* TO DO
Restate word for word the lines in the listing below, starting at the line containing "Definition Ex (mu" and ending at the line containing "Definition coarsens (T", both included; leave out the rest.
---------- ENTRIES SUPPLIED
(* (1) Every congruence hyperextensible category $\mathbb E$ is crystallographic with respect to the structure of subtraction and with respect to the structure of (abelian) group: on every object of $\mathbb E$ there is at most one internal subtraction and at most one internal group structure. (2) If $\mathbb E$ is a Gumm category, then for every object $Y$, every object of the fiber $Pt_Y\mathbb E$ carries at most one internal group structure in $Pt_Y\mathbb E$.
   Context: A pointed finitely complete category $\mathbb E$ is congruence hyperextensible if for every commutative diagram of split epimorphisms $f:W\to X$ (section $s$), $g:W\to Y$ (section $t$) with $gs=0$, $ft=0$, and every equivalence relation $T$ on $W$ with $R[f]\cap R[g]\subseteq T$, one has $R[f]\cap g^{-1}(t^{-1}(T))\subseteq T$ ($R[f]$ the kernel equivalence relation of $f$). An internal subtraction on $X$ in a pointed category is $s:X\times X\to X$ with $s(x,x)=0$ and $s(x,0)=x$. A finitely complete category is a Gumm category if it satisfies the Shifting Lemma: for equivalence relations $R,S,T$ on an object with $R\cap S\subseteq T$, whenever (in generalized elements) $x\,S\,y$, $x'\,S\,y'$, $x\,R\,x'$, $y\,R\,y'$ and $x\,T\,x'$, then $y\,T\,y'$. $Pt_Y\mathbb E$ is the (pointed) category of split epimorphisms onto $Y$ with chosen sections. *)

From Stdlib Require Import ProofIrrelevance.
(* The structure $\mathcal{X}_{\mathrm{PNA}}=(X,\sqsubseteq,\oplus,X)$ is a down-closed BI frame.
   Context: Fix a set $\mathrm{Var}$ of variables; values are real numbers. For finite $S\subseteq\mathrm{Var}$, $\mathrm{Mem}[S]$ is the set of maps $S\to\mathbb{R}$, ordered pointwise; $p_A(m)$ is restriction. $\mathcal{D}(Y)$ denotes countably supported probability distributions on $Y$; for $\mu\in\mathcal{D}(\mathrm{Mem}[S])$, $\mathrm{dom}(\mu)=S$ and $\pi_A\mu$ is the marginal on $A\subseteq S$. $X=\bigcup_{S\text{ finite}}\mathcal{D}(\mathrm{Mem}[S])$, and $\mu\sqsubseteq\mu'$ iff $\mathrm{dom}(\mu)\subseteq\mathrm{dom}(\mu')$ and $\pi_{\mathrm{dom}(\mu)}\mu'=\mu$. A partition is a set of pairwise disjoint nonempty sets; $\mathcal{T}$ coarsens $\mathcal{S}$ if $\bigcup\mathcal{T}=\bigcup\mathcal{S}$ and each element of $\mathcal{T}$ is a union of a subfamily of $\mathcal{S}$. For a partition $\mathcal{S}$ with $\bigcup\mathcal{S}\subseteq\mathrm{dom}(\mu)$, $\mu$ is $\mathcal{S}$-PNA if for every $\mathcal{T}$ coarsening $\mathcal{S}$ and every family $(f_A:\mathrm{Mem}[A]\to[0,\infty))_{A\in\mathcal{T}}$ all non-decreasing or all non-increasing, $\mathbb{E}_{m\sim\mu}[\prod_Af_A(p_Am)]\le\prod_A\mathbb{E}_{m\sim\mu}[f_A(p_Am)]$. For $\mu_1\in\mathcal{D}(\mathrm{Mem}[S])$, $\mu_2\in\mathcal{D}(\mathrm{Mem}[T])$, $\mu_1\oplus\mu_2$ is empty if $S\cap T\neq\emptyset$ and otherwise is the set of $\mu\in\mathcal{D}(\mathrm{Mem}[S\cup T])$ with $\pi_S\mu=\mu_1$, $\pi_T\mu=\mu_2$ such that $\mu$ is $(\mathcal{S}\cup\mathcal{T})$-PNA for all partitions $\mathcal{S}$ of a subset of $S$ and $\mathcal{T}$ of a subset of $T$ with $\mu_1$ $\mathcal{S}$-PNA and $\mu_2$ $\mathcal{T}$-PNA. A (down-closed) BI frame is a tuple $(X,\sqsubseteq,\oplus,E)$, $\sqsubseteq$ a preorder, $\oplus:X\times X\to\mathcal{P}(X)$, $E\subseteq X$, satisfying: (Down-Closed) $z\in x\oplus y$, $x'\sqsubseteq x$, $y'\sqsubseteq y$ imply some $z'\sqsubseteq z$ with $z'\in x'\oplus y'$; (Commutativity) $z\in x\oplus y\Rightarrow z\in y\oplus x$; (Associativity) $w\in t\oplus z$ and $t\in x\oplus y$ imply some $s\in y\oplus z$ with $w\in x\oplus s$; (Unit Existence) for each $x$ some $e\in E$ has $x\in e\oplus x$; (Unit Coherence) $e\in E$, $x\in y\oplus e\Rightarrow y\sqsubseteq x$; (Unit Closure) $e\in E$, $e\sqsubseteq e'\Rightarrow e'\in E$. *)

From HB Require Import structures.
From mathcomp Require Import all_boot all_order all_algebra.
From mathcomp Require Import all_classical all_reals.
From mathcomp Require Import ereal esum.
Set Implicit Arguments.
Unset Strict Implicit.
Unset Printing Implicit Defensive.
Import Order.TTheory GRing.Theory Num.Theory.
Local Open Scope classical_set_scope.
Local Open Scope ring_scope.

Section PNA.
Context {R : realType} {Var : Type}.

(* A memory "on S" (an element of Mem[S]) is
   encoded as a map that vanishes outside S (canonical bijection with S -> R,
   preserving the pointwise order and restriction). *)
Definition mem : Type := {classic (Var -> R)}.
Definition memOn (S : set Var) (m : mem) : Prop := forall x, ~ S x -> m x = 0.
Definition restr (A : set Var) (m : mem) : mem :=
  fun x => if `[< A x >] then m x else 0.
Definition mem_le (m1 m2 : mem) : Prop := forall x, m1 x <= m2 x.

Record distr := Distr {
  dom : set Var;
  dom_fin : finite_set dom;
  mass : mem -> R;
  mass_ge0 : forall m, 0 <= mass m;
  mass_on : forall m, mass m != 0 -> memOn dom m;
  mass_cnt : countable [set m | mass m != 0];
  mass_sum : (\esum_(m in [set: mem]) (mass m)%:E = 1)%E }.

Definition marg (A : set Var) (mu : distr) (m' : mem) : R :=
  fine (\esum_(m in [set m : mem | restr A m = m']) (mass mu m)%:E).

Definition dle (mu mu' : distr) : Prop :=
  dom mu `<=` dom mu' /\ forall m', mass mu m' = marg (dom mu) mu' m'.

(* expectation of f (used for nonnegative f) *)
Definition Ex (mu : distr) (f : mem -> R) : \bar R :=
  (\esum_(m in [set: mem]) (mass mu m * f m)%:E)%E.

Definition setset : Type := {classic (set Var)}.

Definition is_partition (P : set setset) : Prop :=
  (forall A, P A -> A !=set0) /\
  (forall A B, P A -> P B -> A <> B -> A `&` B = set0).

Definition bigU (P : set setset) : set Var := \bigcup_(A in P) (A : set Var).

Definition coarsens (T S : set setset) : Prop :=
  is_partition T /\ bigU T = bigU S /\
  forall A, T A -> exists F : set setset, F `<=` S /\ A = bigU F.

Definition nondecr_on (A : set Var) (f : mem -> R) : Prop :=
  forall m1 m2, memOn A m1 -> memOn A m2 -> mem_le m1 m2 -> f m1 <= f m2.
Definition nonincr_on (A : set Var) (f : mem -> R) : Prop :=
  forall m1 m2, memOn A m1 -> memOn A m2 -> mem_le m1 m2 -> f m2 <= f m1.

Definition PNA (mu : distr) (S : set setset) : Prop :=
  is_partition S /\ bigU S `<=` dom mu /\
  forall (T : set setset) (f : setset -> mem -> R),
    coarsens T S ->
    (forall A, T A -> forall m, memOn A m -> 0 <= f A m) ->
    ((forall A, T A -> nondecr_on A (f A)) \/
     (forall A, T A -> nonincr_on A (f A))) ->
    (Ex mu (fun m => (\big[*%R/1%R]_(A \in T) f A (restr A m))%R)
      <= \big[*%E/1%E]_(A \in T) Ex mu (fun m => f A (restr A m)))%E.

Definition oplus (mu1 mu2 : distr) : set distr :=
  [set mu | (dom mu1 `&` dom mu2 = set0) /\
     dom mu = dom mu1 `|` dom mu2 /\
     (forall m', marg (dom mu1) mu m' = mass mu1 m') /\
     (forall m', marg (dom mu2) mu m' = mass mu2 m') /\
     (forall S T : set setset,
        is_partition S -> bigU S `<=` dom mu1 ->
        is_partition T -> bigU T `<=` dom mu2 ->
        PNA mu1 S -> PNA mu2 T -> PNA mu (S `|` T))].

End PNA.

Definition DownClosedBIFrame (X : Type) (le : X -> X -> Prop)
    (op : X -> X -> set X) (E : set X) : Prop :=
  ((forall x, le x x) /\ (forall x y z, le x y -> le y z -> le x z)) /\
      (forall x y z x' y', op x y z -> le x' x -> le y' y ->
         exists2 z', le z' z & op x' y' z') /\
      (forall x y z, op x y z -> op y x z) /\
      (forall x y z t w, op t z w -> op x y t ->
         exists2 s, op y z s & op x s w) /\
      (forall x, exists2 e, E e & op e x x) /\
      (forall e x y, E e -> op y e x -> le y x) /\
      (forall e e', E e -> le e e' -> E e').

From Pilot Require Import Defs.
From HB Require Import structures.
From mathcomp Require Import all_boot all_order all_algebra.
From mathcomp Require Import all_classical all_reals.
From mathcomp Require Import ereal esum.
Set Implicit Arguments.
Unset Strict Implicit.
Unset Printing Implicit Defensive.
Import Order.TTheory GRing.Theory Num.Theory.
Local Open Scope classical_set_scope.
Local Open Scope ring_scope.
--------------------
---------- ENTRIES SUPPLIED
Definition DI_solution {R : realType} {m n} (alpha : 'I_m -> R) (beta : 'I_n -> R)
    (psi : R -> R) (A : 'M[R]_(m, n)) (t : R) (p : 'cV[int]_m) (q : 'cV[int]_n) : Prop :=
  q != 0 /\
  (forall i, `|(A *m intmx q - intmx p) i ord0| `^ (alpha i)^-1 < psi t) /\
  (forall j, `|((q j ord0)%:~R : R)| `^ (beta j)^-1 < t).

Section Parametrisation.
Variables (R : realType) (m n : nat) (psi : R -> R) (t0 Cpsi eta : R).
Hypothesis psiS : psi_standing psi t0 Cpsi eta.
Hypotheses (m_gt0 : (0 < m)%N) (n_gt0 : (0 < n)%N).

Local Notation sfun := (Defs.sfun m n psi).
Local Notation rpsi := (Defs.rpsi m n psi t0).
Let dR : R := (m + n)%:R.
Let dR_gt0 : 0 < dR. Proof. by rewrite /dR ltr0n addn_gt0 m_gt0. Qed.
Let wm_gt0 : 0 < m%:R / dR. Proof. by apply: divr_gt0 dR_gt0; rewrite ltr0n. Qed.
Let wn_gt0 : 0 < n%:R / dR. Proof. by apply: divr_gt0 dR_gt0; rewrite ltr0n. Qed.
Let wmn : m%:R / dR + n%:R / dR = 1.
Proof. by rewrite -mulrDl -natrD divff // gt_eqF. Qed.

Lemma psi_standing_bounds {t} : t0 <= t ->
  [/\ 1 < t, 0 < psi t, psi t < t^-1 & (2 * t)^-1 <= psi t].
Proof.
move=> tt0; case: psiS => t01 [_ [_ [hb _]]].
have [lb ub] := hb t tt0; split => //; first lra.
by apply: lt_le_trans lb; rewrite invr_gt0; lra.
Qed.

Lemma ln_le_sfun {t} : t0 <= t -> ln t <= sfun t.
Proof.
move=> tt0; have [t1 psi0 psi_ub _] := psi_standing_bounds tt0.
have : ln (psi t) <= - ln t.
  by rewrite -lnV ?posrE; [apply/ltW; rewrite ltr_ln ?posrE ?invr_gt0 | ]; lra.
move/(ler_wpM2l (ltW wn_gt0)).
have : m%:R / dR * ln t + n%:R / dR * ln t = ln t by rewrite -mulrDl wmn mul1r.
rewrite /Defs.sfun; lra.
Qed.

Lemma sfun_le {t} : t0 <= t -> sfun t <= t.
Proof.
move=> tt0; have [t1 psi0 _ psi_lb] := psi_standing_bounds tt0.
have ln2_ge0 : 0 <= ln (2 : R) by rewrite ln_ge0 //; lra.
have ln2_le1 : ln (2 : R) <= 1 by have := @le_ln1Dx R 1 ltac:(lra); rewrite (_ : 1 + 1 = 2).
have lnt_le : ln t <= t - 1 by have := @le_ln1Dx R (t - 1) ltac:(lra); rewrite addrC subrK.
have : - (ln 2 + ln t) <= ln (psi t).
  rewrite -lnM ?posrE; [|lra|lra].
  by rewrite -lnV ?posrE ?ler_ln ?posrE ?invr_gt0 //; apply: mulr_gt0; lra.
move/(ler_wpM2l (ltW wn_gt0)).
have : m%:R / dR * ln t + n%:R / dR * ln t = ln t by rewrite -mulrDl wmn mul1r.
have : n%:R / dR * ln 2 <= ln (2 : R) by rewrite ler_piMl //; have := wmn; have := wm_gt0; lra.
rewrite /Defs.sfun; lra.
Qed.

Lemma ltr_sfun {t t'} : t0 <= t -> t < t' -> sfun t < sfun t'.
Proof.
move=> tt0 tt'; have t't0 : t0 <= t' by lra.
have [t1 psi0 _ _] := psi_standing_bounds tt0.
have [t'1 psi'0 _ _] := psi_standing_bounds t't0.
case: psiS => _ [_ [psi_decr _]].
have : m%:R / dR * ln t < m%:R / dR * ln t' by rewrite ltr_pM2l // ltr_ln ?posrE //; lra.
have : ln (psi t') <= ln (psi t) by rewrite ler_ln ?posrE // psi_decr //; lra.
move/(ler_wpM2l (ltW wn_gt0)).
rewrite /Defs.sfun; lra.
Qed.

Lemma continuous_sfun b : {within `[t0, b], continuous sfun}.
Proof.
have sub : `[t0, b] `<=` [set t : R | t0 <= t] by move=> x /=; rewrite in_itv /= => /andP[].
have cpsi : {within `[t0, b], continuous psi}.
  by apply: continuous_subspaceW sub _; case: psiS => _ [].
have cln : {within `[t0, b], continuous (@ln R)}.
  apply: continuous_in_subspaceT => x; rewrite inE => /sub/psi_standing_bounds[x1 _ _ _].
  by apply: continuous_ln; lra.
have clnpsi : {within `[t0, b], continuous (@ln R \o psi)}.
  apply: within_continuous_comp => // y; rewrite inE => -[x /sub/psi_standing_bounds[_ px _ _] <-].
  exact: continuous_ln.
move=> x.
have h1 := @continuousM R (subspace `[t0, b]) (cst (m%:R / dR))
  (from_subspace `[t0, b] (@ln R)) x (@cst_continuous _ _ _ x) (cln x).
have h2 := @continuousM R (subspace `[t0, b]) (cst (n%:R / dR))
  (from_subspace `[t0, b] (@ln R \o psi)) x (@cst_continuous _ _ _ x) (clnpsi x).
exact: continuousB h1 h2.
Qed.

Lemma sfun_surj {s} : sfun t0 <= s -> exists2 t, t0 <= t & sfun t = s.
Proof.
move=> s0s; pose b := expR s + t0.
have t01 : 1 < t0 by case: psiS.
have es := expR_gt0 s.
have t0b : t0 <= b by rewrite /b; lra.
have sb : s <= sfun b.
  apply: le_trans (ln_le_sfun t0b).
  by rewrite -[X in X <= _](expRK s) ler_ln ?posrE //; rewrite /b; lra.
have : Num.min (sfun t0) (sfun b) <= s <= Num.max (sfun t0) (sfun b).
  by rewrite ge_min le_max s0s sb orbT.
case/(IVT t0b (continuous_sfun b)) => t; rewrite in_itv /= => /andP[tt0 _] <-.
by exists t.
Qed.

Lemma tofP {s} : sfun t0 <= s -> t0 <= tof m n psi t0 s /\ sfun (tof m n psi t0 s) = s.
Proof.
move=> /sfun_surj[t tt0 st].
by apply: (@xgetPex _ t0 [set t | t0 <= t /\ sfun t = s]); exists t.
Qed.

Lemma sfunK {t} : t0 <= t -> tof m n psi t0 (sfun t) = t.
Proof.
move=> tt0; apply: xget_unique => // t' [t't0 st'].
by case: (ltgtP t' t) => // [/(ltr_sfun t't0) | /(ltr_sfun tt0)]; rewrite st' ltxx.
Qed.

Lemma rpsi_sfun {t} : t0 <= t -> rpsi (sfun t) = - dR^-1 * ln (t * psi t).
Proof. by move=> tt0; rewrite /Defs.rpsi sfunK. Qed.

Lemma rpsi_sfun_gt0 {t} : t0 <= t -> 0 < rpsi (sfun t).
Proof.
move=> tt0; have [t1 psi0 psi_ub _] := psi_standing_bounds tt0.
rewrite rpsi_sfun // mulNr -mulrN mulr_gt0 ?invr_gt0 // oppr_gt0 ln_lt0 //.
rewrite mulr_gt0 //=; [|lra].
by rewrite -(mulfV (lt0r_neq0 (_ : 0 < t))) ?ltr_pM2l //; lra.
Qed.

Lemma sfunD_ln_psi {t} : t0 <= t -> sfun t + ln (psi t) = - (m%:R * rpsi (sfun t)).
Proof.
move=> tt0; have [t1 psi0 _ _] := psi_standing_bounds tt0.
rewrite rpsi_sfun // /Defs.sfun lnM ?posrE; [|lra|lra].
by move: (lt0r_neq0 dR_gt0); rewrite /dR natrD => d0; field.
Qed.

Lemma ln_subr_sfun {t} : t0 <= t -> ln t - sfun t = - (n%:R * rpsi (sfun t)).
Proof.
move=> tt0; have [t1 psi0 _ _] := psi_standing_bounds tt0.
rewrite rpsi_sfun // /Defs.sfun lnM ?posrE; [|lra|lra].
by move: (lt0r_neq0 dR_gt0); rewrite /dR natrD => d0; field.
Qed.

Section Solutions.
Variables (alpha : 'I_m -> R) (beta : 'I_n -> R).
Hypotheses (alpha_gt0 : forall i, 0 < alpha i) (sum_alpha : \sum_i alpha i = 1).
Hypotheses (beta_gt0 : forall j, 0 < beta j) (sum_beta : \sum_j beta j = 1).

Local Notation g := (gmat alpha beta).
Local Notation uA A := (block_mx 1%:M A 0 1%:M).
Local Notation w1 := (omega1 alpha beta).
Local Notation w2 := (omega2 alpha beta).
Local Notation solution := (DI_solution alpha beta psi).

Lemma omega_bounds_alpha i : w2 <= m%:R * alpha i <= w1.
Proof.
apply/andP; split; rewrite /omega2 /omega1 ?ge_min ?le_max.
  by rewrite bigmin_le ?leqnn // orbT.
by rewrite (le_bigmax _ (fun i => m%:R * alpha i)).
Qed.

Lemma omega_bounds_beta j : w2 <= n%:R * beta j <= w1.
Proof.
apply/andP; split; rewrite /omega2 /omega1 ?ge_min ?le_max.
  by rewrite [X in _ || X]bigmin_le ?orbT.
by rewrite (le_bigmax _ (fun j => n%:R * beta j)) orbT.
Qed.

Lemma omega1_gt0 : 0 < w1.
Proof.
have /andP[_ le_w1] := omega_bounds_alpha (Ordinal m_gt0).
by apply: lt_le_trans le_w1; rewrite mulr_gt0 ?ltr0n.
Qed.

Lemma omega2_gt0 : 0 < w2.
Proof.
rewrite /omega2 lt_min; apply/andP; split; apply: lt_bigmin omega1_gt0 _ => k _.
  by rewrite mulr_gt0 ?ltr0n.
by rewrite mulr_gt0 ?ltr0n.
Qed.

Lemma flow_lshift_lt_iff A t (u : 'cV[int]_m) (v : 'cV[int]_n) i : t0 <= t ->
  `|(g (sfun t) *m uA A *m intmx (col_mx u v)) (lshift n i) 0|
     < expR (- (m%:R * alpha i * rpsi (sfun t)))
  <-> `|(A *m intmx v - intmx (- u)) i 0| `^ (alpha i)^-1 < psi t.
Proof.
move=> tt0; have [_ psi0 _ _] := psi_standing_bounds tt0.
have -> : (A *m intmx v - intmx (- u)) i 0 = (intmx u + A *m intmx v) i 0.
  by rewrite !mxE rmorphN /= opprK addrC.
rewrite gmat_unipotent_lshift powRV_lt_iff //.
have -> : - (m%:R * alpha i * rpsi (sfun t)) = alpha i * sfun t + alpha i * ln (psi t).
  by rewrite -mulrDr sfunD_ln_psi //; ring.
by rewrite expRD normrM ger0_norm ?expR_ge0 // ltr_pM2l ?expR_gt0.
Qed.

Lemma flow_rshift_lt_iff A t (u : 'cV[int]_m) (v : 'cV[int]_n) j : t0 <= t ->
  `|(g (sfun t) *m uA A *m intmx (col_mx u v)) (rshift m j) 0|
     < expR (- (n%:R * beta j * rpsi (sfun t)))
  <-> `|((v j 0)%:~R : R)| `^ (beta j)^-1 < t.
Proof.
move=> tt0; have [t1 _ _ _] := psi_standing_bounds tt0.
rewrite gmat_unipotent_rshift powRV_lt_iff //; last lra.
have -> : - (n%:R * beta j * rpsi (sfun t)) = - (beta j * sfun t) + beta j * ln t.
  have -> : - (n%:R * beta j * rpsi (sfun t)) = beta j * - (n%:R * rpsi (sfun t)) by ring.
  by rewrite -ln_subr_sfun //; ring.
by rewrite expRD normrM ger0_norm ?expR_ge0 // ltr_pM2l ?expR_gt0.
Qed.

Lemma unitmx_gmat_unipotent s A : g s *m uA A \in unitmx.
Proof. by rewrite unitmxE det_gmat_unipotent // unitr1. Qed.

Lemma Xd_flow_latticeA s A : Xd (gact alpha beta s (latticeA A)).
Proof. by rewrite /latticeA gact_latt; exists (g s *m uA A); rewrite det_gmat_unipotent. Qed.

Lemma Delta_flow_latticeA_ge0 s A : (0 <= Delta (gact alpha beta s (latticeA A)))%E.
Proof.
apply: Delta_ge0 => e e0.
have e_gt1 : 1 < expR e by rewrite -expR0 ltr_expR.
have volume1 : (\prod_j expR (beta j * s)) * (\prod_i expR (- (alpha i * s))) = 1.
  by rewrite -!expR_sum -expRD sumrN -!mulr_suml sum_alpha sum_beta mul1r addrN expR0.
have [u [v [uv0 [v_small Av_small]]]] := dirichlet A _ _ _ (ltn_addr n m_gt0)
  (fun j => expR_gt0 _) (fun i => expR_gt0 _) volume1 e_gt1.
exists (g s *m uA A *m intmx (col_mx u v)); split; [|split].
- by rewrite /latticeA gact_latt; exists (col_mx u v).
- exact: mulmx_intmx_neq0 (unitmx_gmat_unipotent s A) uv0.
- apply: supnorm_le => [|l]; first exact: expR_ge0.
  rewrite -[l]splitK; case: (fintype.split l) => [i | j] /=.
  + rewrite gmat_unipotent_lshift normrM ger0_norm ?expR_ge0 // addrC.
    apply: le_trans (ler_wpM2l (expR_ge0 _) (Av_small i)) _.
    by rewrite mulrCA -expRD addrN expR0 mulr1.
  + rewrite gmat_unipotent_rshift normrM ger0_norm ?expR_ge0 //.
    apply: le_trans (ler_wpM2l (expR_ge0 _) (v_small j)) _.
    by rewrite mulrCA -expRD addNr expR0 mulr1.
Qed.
--------------------
* SOLUTION TO THIS TASK
Definition Ex (mu : distr) (f : mem -> R) : \bar R :=
  (\esum_(m in [set: mem]) (mass mu m * f m)%:E)%E.

Definition setset : Type := {classic (set Var)}.

Definition is_partition (P : set setset) : Prop :=
  (forall A, P A -> A !=set0) /\
  (forall A B, P A -> P B -> A <> B -> A `&` B = set0).

Definition bigU (P : set setset) : set Var := \bigcup_(A in P) (A : set Var).

Definition coarsens (T S : set setset) : Prop :=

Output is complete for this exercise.